The task ->
Report each line of the records below that uses the word "topT".

Stored data
::::::::::

(* Fix integers $k\ge 2$ and $1 \le t \le k/2$. Let $X$ be a set of $n$ elements with a fixed but unknown total order, and consider a $(k,t)$ scale, which on input any $k$-element subset of $X$ returns the $t$-th smallest element of that subset. Let $S$ be the set of the $t-1$ smallest elements of $X$ and $L$ the set of the $k-t$ largest elements of $X$. Then any off-line (non-adaptive) family of queries from whose results one can determine, for every possible ordering of $X$, the relative order of the elements of $X \setminus (S\cup L)$ must contain at least $$\frac{\binom{n}{k-(t-1)}}{\binom{k}{k-(t-1)}}$$ queries; in particular $\Omega(n^{k-t+1})$ queries are needed for fixed $k,t$.
   Context: A query is a $k$-element subset of $X$; the scale returns its $t$-th smallest element. In the off-line setting the whole family of queries must be specified in advance, and all results are then revealed simultaneously. *)

From mathcomp Require Import all_boot all_order all_algebra all_fingroup.
Set Implicit Arguments. Unset Strict Implicit. Unset Printing Implicit Defensive.

(* The ground set X is 'I_n.  A (hidden) total order on X is encoded by a
   permutation sigma : {perm 'I_n}, where sigma x is the rank of x
   (0 = smallest): x is smaller than y iff sigma x < sigma y. *)

(* Answer of the (k,t) scale on query Q under ordering sigma: the t-th
   smallest element of Q, i.e. the x in Q having exactly t-1 elements of Q
   below it (None only if no such element, which cannot happen when #|Q| >= t). *)
Definition scale_answer (n t : nat) (sigma : {perm 'I_n}) (Q : {set 'I_n})
  : option 'I_n :=
  [pick x in Q | #|[set y in Q | sigma y < sigma x]| == t.-1].

(* X \ (S u L): elements of rank r with t-1 <= r < n-(k-t), where
   S = the t-1 smallest and L = the k-t largest elements. *)
Definition middle (n k t : nat) (sigma : {perm 'I_n}) : {set 'I_n} :=
  [set x | (t.-1 <= sigma x) && (sigma x < n - (k - t))].

Definition determines_middle (n k t : nat) (F : {set {set 'I_n}}) : Prop :=
  forall sigma tau : {perm 'I_n},
    (forall Q, Q \in F -> scale_answer t sigma Q = scale_answer t tau Q) ->
    middle k t sigma = middle k t tau /\
    (forall x y, x \in middle k t sigma -> y \in middle k t sigma ->
       (sigma x < sigma y) = (tau x < tau y)).

(* If some (k-t+1)-set A lies in no query, rank the elements so that A
   occupies the top k-t+1 positions and swap its two lowest elements a and b.
   Every query then meets the complement of A in at least t elements, so each
   element of A is never the t-th smallest of a query, and the elements
   outside A keep their ranks: all answers are unchanged.  But a is in the
   middle before the swap and is the smallest element of L after it.  Hence
   the queries cover all (k-t+1)-subsets of X, and double counting gives
   #|F| * C(k, k-t+1) >= C(n, k-t+1). *)

From mathcomp Require Import all_boot all_order all_algebra all_fingroup.
From mathcomp Require Import zify.

Set Implicit Arguments.
Unset Strict Implicit.
Unset Printing Implicit Defensive.

Lemma card_bigcup_le {I T : finType} (P : {pred I}) (G : I -> {set T}) :
  (#|\bigcup_(i in P) G i| <= \sum_(i in P) #|G i|)%N.
Proof.
elim/big_rec2: _ => [|i c U _ leUc]; first by rewrite cards0.
by rewrite (leq_trans (leq_card_setU _ U).1) ?leq_add2l.
Qed.

Lemma card_draws_le_cover (T : finType) k m (F : {set {set T}}) :
  (forall Q, Q \in F -> #|Q| = k) ->
  (forall A : {set T}, #|A| = m -> exists2 Q, Q \in F & A \subset Q) ->
  ('C(#|T|, m) <= #|F| * 'C(k, m))%N.
Proof.
move=> cardF coverF.
have draws_sub : [set A : {set T} | #|A| == m] \subset
    \bigcup_(Q in F) [set A : {set T} | A \subset Q & #|A| == m].
  apply/subsetP => A; rewrite inE => /eqP cardA.
  have [Q QF AQ] := coverF A cardA.
  by apply/bigcupP; exists Q => //; rewrite inE AQ cardA eqxx.
rewrite -card_draws (leq_trans (subset_leq_card draws_sub)) //.
rewrite (leq_trans (card_bigcup_le _ _)) // -sum_nat_const leq_sum // => Q QF.
by rewrite cards_draws cardF.
Qed.

Lemma exists_perm_rank_top {n} (A : {set 'I_n}) :
  exists sigma : {perm 'I_n}, forall x, (x \in A) = (n - #|A| <= sigma x)%N.
Proof.
case: n A => [|n] A; first by exists 1%g => -[].
pose s := enum (~: A) ++ enum A.
have size_s : size s = n.+1 by rewrite size_cat -!cardE addnC cardsC card_ord.
have mem_s x : x \in s by rewrite mem_cat !mem_enum inE orNb.
have index_lt x : (index x s < n.+1)%N by rewrite -[X in (_ < X)%N]size_s index_mem.
pose f x : 'I_n.+1 := inord (index x s).
have f_inj : injective f.
  move=> x y /(congr1 val); rewrite /= !inordK // => eq_index.
  by rewrite -(nth_index x (mem_s x)) eq_index nth_index.
exists (perm f_inj) => x; rewrite permE /f inordK // index_cat mem_enum inE.
have cardAC : #|~: A| = (n.+1 - #|A|)%N by have := cardsC A; rewrite card_ord; lia.
case: (boolP (x \in A)) => [xA | xNA] /=; first by rewrite -cardE cardAC leq_addr.
by apply/esym/negbTE; rewrite -ltnNge -cardAC cardE index_mem mem_enum inE.
Qed.

Section TopSwap.

Variables (n p : nat) (U : {set 'I_n}).

Definition ranks_top (sigma : {perm 'I_n}) := forall z, (z \in U) = (p <= sigma z)%N.

Lemma card_below_top (Q : {set 'I_n}) {sigma : {perm 'I_n}} {x} :
  ranks_top sigma -> x \in U ->
  (#|Q :\: U| <= #|[set y in Q | sigma y < sigma x]|)%N.
Proof.
move=> topU xU; apply/subset_leq_card/subsetP => y; rewrite !inE => /andP[yNU ->].
by move: yNU xU; rewrite !topU; lia.
Qed.

Lemma scale_answer_top_invariant t (sigma tau : {perm 'I_n}) (Q : {set 'I_n}) :
  ranks_top sigma -> ranks_top tau -> {in ~: U, tau =1 sigma} ->
  (t.-1 < #|Q :\: U|)%N ->
  scale_answer t sigma Q = scale_answer t tau Q.
Proof.
move=> topS topT eq_out ltQU; apply: eq_pick => x /=.
case: (boolP (x \in Q)) => //= _; case: (boolP (x \in U)) => [xU | xNU].
  have count_ne rho : ranks_top rho -> (#|[set y in Q | rho y < rho x]| == t.-1) = false.
    by move=> topR; apply/eqP; have := card_below_top Q topR xU; lia.
  by rewrite !count_ne.
suff -> : [set y in Q | tau y < tau x] = [set y in Q | sigma y < sigma x] by [].
apply/setP => y; rewrite !inE (eq_out x) ?inE //.
case: (boolP (y \in U)) => [yU | yNU]; last by rewrite eq_out ?inE.
have := yU; rewrite topT; move: yU xNU; rewrite !topS; lia.
Qed.

Lemma ranks_top_tperm (sigma : {perm 'I_n}) a b :
  a \in U -> b \in U -> ranks_top sigma -> ranks_top (tperm a b * sigma)%g.
Proof.
move=> aU bU topS z; rewrite permM -topS.
by case: tpermP => [->|->|]; rewrite ?aU ?bU.
Qed.

Lemma tperm_mul_fix_out (sigma : {perm 'I_n}) a b :
  a \in U -> b \in U -> {in ~: U, (tperm a b * sigma)%g =1 sigma}.
Proof.
move=> aU bU z; rewrite inE permM => zNU.
by rewrite tpermD //; apply: contraNneq zNU => <-.
Qed.

End TopSwap.

Lemma determines_middle_covers n k t (F : {set {set 'I_n}}) :
  (0 < t)%N -> (t < k)%N -> (k <= n)%N ->
  (forall Q, Q \in F -> #|Q| = k) ->
  determines_middle k t F ->
  forall A : {set 'I_n}, #|A| = (k - t.-1)%N -> exists2 Q, Q \in F & A \subset Q.
Proof.
move=> t_gt0 lt_tk le_kn cardF detF A cardA.
case: (boolP [exists Q in F, A \subset Q]) => [/exists_inP[Q QF AQ] | noQ].
  by exists Q.
have [sigma topA] := exists_perm_rank_top A; rewrite cardA in topA.
set p := (n - (k - t.-1))%N in topA.
have lt_pn : (p.+1 < n)%N by rewrite /p; lia.
pose a := (sigma^-1)%g (Ordinal (ltnW lt_pn)).
pose b := (sigma^-1)%g (Ordinal lt_pn).
have sigma_a : sigma a = p :> nat by rewrite /a permKV.
have sigma_b : sigma b = p.+1 :> nat by rewrite /b permKV.
have [aA bA] : a \in A /\ b \in A by rewrite !topA sigma_a sigma_b.
pose tau := (tperm a b * sigma)%g.
have same_answers Q : Q \in F -> scale_answer t sigma Q = scale_answer t tau Q.
  move=> QF; apply: (scale_answer_top_invariant topA).
  - exact: ranks_top_tperm aA bA topA.
  - exact: tperm_mul_fix_out aA bA.
  have QAlt : (#|Q :&: A| < #|A|)%N.
    rewrite proper_card // properEneq subsetIr andbT.
    by apply: contraNneq noQ => QAA; apply/exists_inP; exists Q => //; rewrite -QAA subsetIl.
  by have := cardsID A Q; rewrite (cardF Q QF); move: QAlt; rewrite cardA; lia.
have [mid_eq _] := detF sigma tau same_answers.
have : a \in middle k t sigma by rewrite inE sigma_a /p; lia.
by rewrite mid_eq inE permM tpermL sigma_b /p; lia.
Qed.

Import GRing.Theory Num.Theory.
Local Open Scope ring_scope.

Theorem mainTheorem3 (n k t : nat) (hk : (2 <= k)%N) (ht1 : (1 <= t)%N)
  (ht2 : (t.*2 <= k)%N) (hkn : (k <= n)%N) (F : {set {set 'I_n}}) :
  (forall Q, Q \in F -> #|Q| = k) ->
  determines_middle k t F ->
  ('C(n, k - t.-1)%:R / 'C(k, k - t.-1)%:R : rat) <= (#|F|)%:R.
Proof.
move=> cardF detF.
have lt_tk : (t < k)%N by lia.
have := card_draws_le_cover cardF (determines_middle_covers ht1 lt_tk hkn cardF detF).
rewrite card_ord => le_binF.
have binC_gt0 : (0 < 'C(k, k - t.-1))%N by rewrite bin_gt0 leq_subr.
by rewrite ler_pdivrMr ?ltr0n // -natrM ler_nat.
Qed.
Lemma ideal_closed_bigcup (F : set (set R)) :
  (forall X, F X -> ideal_closed X) -> total_on F subset ->
  ideal_closed (\bigcup_(X in F) X)%classic.
Proof.
move=> Fcl Ftot; split=> [x y [X FX Xx] [Y FY Yy] | r x [X FX Xx] | r x [X FX Xx]].
- have [XY|YX] := Ftot X Y FX FY.
    by exists Y => //; have [Yadd _ _] := Fcl Y FY; apply: Yadd => //; apply: XY.
  by exists X => //; have [Xadd _ _] := Fcl X FX; apply: Xadd => //; apply: YX.
- by exists X => //; have [_ Xl _] := Fcl X FX; apply: Xl.
- by exists X => //; have [_ _ Xr] := Fcl X FX; apply: Xr.
Qed.

Lemma m_system_prime_ideal S : m_system S -> ~ S 0 ->
  exists p, prime_ideal p /\ forall s, S s -> ~ p s.
Proof.
move=> mS nS0.
pose avoiding X := ideal_closed X /\ forall s, S s -> ~ X s.
have [A [[Acl AS] Amax]] :
    exists A, avoiding A /\ forall B, (A `<` B)%classic -> ~ avoiding B.
  apply: Zorn_bigcup => F FP Ftot; split.
    by apply: ideal_closed_bigcup => // X /FP [].
  by move=> s Ss [X /FP [_ XS] Xs]; apply: XS Ss Xs.
have [Aadd Al Ar] := Acl.
have A0 : A 0.
  apply: contrapT => nA0; apply: (Amax (fun x => x = 0)).
    split=> [x Ax | sub]; last exact/nA0/sub.
    by case: nA0; rewrite -(mul0r x); apply: Al.
  split=> [|s Ss s0]; last by apply: nS0; rewrite -s0.
  by split=> [x y -> -> | r a -> | r a ->]; rewrite ?addr0 ?mulr0 ?mul0r.
have meetS c : ~ A c -> exists2 s, S s & ideal_adjoin A c s.
  move=> nAc; apply: contrapT => nmeet; apply: (Amax (ideal_adjoin A c)).
    split=> [y Ay Y _ AY _ | sub]; first exact: AY.
    by apply: nAc; apply: sub => Y _ _.
  split=> [|s Ss Hs]; first exact: ideal_adjoin_closed.
  by apply: nmeet; exists s.
exists A; split=> //; split=> // a b Aab.
have [Aa|nAa] := pselect (A a); first by left.
have [Ab|nAb] := pselect (A b); first by right.
have [s Ss Hs] := meetS a nAa; have [t St Ht] := meetS b nAb.
have [r Ssrt] := mS s t Ss St.
by case: (AS _ Ssrt); apply: (ideal_adjoin_mul Acl Aab Hs Ht).
Qed.

Definition strongly_nilpotent (a : R) : Prop :=
  forall s : nat -> R, s 0%N = a -> m_sequence s -> exists k, s k = 0.

Lemma m_sequence_m_system (s : nat -> R) : m_sequence s ->
  m_system (fun x => exists n, x = s n).
Proof.
move=> sS _ _ [i ->] [j ->].
have left_mul i' d : exists u, s (i' + d)%N = s i' * u.
  elim: d => [|d [u e]]; first by exists 1; rewrite addn0 mulr1.
  have [r er] := sS (i' + d)%N.
  by exists (u * r * s (i' + d)%N); rewrite addnS er {1}e !mulrA.
have right_mul j' d : exists v, s (j' + d)%N = v * s j'.
  elim: d => [|d [v e]]; first by exists 1; rewrite addn0 mul1r.
  have [r er] := sS (j' + d)%N.
  by exists (s (j' + d)%N * r * v); rewrite addnS er {2}e !mulrA.
pose n := maxn i j.
have [u eu] := left_mul i (n - i)%N; rewrite subnKC ?leq_maxl // in eu.
have [v ev] := right_mul j (n - j)%N; rewrite subnKC ?leq_maxr // in ev.
have [r er] := sS n.
by exists (u * r * v), n.+1; rewrite er {1}eu ev !mulrA.
Qed.

Lemma prime_radical_strongly_nilpotent a :
  (forall p, prime_ideal p -> p a) -> strongly_nilpotent a.
Proof.
move=> rad s s0 sS; apply: contrapT => nsn.
have nS0 : ~ exists n, 0 = s n by move=> [n sn0]; apply: nsn; exists n.
have [p [pp pS]] := m_system_prime_ideal (m_sequence_m_system sS) nS0.
by apply: (pS a); [exists 0%N | apply: rad].
Qed.

End PrimeIdeals.

Section Submodules.
Variables (R : pzRingType) (M : lmodType R).

Let zero_sub : M -> Prop := fun y => y = 0.

Lemma gen_sub_in (S : M -> Prop) x : S x -> gen_sub S x.
Proof. by move=> Sx P _ SP; apply: SP. Qed.

Lemma gen_sub_min (S P : M -> Prop) : is_submodule P -> subset_M S P ->
  subset_M (gen_sub S) P.
Proof. by move=> Psub SP x; apply. Qed.

Lemma submodule_meet (F : (M -> Prop) -> Prop) :
  (forall P, F P -> is_submodule P) -> is_submodule (fun x => forall P, F P -> P x).
Proof.
move=> Fsub; split=> [P /Fsub [] | x y Hx Hy P FP | a x Hx P FP] //.
- by have [_ Padd _] := Fsub P FP; apply: Padd; [apply: Hx | apply: Hy].
- by have [_ _ PZ] := Fsub P FP; apply: PZ; apply: Hx.
Qed.

Lemma gen_sub_submodule (S : M -> Prop) : is_submodule (gen_sub S).
Proof.
split=> [P [] // | x y Hx Hy P Psub SP | a x Hx P Psub SP].
- by have [_ Padd _] := Psub; apply: Padd; [apply: Hx | apply: Hy].
- by have [_ _ PZ] := Psub; apply: PZ; apply: Hx.
Qed.

Lemma cprime_sub_expZ (P : M -> Prop) (r : R) (m : M) (k : nat) :
  cprime_sub P -> P (r ^+ k *: m) -> P (r *: m).
Proof.
move=> [[_ _ PZ] _ Pcp]; elim: k => [|k IHk]; first by rewrite expr0 scale1r; apply: PZ.
by rewrite exprS -scalerA => /Pcp [/IHk | ].
Qed.

Lemma gen_E_M0_sub_beta_co : subset_M (gen_sub (E_M zero_sub)) (beta_co (M:=M)).
Proof.
apply: gen_sub_min; first by apply: submodule_meet => P [].
move=> _ [r [m [k [rkm0 ->]]]] P cP; apply: (cprime_sub_expZ (k := k) cP).
by rewrite rkm0; case: cP => [[]].
Qed.

Lemma sn_pair_E_M0 a (m : M) : sn_pair a m -> E_M zero_sub (a *: m).
Proof.
move=> snam; have [|k amk] := snam (fun n => a ^+ (2 ^ n)) (expr1 a).
  by move=> n; exists 1; rewrite mulr1 -exprD addnn -mul2n -expnS.
by exists a, m, (2 ^ k)%N; split=> //; have := amk 1; rewrite mulr1.
Qed.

::::::::::

Task answer ->
move=> topS topT eq_out ltQU; apply: eq_pick => x /=.
have := yU; rewrite topT; move: yU xNU; rewrite !topS; lia.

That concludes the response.